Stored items
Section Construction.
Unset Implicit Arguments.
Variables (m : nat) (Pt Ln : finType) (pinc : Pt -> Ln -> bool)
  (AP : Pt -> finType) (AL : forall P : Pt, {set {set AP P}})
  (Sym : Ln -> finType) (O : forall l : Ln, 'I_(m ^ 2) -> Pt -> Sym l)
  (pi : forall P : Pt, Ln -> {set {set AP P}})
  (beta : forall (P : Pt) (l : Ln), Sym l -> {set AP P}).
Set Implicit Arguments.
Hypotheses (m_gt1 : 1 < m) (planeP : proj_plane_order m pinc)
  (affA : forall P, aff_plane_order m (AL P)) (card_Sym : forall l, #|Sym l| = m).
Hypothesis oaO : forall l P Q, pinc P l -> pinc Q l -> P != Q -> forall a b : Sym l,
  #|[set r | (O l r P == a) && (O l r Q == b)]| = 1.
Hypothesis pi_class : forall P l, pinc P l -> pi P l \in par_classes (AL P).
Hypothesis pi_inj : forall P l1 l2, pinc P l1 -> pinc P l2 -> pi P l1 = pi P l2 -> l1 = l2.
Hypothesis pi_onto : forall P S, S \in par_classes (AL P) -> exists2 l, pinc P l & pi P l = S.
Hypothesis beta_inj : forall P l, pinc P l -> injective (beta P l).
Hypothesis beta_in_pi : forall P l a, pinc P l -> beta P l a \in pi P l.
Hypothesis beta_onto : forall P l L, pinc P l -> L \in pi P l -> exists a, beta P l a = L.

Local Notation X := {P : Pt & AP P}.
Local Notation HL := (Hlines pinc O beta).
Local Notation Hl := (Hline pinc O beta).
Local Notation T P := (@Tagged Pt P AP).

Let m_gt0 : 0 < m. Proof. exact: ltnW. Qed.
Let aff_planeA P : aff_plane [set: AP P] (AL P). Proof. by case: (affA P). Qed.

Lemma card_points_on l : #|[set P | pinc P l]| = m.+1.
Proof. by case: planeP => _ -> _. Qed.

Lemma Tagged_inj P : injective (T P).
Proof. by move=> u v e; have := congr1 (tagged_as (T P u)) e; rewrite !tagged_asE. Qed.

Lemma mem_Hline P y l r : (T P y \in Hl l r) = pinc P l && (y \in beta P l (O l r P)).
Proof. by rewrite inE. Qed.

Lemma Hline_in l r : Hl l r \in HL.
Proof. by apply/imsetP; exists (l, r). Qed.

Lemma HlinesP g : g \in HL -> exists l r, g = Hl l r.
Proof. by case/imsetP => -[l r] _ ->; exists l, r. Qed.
* * *
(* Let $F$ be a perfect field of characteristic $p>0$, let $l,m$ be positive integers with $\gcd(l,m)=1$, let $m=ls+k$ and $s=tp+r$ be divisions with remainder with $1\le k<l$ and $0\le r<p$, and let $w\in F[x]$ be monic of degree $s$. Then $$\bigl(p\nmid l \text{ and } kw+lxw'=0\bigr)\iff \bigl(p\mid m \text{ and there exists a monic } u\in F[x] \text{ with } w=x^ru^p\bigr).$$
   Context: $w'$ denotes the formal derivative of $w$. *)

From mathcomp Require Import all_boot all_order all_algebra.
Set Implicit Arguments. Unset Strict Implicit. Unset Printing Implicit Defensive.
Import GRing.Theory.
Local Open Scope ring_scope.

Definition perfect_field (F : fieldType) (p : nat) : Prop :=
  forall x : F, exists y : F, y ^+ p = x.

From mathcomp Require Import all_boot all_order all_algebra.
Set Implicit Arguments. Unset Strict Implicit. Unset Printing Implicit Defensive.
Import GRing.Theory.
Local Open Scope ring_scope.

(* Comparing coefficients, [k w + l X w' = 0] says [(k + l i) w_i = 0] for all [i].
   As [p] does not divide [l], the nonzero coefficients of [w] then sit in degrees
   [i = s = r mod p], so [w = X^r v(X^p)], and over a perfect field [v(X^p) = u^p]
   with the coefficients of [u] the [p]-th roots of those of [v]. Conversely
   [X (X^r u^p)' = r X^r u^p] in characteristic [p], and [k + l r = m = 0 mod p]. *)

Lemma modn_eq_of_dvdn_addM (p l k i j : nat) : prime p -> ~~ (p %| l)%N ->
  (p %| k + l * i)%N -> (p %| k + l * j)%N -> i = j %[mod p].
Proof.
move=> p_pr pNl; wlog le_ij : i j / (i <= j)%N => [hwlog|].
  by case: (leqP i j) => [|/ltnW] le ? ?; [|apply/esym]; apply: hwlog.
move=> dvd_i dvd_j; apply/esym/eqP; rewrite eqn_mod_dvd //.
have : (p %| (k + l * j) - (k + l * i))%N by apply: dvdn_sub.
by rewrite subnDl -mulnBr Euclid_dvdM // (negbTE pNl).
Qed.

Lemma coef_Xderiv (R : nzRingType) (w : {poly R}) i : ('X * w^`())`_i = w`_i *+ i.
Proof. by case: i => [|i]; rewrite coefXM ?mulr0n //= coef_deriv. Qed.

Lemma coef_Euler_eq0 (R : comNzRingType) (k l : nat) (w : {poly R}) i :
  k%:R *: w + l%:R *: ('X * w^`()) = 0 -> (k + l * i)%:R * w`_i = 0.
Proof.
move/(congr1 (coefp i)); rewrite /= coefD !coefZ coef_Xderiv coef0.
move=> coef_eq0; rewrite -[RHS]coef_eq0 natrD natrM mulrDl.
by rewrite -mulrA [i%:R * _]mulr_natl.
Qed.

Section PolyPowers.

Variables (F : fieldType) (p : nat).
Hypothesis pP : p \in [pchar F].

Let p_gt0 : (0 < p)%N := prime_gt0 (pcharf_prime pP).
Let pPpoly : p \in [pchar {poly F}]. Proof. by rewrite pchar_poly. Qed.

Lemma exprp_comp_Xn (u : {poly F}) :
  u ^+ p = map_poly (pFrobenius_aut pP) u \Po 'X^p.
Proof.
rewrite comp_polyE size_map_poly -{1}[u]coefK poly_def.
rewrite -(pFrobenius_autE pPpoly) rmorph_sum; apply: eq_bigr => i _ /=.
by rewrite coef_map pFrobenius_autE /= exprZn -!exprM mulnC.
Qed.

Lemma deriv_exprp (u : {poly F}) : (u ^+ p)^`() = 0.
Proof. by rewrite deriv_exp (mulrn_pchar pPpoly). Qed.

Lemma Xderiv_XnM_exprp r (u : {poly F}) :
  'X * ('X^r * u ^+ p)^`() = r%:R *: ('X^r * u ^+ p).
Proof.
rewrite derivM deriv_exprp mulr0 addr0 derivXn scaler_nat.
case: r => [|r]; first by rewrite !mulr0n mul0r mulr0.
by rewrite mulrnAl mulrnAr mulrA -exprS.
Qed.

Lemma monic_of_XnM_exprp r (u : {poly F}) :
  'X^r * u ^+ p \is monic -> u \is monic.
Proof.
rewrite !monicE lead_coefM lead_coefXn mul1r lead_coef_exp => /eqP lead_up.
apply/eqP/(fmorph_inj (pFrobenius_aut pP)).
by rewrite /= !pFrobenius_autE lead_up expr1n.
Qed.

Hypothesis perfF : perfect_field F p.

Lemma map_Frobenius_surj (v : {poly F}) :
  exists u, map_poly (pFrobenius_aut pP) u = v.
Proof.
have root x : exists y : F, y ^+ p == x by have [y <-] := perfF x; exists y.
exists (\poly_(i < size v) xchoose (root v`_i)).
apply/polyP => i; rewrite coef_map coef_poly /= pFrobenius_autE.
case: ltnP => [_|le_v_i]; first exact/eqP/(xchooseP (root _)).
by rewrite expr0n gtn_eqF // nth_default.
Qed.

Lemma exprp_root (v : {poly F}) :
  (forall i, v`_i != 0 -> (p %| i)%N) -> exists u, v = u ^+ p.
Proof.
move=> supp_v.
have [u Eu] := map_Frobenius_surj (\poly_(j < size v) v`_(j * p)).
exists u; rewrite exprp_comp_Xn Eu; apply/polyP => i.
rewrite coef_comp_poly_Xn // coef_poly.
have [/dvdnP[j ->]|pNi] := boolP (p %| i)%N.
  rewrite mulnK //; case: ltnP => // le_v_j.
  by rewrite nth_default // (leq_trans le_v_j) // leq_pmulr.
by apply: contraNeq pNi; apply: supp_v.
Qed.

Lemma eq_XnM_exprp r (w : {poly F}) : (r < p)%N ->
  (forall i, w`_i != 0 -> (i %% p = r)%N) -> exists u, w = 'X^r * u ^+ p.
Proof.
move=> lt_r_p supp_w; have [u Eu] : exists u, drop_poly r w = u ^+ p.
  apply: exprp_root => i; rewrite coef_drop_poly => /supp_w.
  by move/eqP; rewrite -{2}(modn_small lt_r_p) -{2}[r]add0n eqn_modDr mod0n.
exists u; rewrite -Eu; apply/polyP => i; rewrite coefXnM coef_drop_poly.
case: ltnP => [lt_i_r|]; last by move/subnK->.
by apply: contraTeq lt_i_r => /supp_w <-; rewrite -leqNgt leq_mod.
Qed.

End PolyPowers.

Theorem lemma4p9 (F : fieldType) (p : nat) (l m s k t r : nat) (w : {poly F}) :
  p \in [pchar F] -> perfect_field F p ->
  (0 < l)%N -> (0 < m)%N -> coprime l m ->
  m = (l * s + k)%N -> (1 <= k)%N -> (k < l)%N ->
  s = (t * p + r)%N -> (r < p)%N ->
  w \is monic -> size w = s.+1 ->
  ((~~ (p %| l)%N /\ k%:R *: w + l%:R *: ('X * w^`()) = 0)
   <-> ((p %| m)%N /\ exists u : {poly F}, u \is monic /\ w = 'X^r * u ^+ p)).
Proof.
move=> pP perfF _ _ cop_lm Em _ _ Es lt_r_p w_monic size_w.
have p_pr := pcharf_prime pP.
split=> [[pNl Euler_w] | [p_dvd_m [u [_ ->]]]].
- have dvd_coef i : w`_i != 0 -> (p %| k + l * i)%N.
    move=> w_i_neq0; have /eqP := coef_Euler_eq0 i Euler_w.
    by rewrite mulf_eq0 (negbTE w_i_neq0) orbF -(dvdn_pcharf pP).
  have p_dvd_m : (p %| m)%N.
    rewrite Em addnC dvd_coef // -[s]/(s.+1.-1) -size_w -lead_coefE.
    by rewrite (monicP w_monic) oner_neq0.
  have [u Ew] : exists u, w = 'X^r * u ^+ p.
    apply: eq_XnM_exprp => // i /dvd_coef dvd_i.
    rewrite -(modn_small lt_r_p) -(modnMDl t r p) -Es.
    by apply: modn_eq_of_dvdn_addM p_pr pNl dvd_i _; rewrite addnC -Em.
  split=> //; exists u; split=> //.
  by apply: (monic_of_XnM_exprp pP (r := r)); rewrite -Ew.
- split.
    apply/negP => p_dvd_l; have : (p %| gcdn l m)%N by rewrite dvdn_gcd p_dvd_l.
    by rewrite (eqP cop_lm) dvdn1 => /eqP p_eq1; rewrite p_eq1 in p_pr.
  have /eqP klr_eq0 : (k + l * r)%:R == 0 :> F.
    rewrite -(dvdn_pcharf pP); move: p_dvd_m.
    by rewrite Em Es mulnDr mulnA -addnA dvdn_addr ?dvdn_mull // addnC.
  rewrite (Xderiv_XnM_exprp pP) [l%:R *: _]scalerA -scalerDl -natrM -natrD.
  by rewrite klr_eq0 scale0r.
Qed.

PROBLEM TO WORK ON:
Out of the preceding entries, pull each line that contains the word "injective".

SOLUTION TO THIS TASK:
Hypothesis beta_inj : forall P l, pinc P l -> injective (beta P l).
Lemma Tagged_inj P : injective (T P).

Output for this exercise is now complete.